Stored data entries:
────

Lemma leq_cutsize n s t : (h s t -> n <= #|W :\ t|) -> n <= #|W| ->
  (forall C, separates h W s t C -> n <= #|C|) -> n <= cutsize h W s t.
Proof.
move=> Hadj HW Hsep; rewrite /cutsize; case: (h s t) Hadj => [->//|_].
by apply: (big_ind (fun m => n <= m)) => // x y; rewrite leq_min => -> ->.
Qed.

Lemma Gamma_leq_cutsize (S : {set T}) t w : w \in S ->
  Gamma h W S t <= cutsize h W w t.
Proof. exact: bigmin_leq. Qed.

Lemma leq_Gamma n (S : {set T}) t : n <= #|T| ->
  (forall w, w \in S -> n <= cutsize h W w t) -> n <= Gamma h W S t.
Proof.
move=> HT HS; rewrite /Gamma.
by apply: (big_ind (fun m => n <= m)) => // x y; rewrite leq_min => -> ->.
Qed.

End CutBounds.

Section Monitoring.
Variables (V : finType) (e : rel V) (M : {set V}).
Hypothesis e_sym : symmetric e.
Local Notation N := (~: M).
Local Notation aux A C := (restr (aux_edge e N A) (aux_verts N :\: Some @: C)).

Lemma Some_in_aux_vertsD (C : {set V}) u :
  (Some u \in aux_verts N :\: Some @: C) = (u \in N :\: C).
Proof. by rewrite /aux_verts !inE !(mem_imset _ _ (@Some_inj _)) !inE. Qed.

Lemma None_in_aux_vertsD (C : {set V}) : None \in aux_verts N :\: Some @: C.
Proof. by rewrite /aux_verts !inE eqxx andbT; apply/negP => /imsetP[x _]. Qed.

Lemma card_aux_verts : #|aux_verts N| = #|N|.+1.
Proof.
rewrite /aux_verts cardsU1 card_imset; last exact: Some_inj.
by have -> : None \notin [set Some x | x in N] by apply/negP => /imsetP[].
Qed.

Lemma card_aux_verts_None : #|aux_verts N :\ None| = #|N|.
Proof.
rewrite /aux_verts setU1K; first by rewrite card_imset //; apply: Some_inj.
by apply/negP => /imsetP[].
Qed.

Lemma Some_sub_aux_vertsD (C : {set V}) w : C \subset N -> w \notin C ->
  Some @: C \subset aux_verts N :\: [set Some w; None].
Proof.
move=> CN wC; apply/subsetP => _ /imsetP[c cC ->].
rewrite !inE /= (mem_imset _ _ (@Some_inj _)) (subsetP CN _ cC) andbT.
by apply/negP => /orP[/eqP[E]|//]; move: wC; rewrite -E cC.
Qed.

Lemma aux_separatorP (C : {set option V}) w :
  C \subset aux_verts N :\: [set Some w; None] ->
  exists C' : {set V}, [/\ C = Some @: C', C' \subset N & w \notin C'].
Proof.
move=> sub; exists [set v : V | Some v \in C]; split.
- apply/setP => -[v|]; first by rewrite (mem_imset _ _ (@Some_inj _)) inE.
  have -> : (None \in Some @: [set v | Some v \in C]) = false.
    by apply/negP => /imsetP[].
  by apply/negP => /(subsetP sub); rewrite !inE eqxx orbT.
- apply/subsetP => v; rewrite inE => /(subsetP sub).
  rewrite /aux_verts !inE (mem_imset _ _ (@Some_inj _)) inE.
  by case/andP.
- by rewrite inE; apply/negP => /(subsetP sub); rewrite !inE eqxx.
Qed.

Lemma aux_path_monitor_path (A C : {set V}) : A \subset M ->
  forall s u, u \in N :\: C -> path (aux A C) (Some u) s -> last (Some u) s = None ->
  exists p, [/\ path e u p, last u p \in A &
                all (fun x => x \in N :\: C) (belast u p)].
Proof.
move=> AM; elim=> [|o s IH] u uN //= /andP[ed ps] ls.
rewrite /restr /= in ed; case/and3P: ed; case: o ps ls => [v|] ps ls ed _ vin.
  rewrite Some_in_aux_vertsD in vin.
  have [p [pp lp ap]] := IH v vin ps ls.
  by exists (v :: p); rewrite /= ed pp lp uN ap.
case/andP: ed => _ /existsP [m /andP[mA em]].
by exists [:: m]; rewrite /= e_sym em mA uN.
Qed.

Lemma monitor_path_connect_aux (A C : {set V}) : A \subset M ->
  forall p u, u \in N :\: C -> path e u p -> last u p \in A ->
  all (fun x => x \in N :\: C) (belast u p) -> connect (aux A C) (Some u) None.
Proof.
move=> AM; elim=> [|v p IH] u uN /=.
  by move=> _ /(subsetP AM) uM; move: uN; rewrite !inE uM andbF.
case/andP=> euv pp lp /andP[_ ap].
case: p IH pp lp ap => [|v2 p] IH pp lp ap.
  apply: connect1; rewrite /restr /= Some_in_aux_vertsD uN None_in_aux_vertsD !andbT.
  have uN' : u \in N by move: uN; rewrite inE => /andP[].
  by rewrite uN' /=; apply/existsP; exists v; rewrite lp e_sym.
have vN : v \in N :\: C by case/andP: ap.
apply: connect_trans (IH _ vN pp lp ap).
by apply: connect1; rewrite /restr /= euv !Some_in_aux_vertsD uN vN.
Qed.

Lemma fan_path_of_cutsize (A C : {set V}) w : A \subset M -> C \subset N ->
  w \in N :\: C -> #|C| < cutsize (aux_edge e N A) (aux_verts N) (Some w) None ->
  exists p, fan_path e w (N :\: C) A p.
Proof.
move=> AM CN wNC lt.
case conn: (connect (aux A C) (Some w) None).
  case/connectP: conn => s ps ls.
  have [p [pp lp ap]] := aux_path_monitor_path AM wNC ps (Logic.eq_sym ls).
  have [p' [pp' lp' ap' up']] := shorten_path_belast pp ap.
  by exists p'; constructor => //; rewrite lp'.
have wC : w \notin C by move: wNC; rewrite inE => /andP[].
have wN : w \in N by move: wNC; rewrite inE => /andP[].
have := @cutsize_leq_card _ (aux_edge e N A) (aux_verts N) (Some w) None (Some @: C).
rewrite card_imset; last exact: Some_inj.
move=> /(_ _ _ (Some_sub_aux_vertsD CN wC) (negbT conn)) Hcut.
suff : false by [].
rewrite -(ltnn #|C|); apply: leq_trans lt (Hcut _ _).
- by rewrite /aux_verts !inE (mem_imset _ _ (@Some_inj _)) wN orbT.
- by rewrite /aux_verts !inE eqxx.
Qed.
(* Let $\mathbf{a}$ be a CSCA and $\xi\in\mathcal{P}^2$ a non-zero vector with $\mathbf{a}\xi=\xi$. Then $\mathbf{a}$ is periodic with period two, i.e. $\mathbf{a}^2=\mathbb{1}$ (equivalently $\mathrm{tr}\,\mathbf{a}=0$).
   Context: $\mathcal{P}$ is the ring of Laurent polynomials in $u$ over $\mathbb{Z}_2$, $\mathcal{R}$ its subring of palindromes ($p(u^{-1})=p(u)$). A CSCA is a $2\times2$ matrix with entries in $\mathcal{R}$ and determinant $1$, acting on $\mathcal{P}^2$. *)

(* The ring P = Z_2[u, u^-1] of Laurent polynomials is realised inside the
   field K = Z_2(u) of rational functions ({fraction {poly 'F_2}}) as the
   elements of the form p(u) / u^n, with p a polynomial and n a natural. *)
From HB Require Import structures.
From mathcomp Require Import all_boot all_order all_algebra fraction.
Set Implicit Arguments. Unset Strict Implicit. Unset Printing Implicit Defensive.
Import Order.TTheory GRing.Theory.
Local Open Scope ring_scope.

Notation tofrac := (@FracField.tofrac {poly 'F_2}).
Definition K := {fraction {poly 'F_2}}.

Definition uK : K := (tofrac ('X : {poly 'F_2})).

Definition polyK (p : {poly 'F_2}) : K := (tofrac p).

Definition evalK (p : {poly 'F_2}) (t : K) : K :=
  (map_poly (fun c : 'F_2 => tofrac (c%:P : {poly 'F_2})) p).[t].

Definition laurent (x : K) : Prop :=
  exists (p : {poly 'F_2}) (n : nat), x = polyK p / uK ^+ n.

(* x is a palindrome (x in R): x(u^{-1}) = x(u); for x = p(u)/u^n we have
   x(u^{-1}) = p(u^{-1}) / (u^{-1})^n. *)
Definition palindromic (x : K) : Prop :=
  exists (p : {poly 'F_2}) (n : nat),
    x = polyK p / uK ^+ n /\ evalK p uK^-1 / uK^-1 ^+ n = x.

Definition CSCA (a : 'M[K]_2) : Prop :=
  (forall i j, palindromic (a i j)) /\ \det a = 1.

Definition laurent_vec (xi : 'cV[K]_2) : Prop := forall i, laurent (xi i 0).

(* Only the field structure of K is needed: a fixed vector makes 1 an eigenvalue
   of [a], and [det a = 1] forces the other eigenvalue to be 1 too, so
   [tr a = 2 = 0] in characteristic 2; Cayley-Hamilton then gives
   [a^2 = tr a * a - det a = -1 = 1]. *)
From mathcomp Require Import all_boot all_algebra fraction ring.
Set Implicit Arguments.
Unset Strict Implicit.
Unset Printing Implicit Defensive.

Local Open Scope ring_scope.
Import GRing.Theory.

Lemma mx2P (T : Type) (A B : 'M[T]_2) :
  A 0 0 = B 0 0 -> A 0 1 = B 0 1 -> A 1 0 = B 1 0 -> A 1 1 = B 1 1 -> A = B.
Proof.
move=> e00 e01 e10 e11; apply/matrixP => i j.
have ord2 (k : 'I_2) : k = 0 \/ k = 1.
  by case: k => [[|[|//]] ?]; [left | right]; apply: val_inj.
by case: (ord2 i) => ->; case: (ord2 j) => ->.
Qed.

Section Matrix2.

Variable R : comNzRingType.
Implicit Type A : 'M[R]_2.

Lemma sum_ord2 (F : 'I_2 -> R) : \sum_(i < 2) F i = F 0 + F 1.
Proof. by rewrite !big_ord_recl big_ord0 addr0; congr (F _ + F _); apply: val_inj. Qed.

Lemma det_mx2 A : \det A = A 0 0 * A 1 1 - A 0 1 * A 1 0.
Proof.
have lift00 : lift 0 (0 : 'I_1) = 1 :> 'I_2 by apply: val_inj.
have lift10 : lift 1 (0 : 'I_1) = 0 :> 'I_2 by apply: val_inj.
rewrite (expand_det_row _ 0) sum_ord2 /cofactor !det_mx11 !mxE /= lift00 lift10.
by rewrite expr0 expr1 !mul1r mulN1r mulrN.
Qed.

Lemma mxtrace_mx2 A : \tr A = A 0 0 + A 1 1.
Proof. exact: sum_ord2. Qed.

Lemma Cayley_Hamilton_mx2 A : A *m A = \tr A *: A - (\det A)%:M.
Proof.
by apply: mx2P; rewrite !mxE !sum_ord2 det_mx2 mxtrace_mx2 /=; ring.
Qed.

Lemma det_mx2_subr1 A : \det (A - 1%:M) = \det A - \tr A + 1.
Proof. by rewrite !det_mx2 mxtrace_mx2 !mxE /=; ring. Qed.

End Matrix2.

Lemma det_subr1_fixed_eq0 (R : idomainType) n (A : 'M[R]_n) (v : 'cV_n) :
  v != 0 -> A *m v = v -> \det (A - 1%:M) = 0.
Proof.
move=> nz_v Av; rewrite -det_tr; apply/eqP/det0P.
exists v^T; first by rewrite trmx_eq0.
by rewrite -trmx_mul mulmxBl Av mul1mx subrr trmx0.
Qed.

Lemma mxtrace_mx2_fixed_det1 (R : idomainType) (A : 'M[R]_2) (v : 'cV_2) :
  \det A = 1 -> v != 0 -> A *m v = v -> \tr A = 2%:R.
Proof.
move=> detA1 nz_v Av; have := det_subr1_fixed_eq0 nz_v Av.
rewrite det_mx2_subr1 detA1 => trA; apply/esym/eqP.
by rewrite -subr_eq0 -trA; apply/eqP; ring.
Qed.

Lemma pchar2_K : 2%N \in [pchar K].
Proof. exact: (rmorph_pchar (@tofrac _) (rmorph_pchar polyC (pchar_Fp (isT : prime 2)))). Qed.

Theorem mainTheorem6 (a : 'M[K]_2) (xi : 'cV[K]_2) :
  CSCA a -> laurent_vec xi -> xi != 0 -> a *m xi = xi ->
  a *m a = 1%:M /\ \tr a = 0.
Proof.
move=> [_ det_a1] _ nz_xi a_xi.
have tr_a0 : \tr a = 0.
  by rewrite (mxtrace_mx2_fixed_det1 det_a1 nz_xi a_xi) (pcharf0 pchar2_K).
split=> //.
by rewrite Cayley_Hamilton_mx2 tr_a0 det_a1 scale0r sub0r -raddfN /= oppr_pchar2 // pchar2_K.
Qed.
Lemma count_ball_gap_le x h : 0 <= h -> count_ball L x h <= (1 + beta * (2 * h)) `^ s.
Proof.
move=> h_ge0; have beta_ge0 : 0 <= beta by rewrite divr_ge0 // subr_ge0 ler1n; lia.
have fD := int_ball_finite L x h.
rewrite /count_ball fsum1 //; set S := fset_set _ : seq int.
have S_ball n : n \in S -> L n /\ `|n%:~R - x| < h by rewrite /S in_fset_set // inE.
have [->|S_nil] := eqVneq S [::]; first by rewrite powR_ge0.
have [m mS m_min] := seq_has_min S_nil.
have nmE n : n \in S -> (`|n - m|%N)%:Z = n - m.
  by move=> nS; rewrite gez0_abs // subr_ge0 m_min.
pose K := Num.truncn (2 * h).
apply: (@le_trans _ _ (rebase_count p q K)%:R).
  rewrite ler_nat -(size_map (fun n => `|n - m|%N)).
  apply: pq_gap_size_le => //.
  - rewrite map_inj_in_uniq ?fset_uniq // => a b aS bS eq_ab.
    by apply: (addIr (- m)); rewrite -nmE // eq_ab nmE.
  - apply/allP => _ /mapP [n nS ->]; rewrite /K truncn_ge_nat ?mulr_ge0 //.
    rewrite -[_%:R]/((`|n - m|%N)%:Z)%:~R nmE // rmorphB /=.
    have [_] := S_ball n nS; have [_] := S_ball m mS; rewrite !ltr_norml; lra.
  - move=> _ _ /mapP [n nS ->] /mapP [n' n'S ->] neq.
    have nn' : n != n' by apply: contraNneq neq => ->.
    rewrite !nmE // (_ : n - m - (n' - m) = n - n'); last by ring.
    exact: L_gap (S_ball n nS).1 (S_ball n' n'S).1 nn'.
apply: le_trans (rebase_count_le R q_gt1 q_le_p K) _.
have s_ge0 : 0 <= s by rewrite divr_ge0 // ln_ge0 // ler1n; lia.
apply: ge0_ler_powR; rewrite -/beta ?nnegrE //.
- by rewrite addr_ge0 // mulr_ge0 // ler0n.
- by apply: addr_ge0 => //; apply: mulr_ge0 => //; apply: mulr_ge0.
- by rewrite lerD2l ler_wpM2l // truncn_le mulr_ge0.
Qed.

────

=== PROBLEM DETAILS ===
Set down, exactly as they appear above, all lines from the one that has "- apply/subsetP =>" down to the one that has "Lemma aux_path_monitor_path (A", including those two and no others.

=== RESULT ===
- apply/subsetP => v; rewrite inE => /(subsetP sub).
  rewrite /aux_verts !inE (mem_imset _ _ (@Some_inj _)) inE.
  by case/andP.
- by rewrite inE; apply/negP => /(subsetP sub); rewrite !inE eqxx.
Qed.

Lemma aux_path_monitor_path (A C : {set V}) : A \subset M ->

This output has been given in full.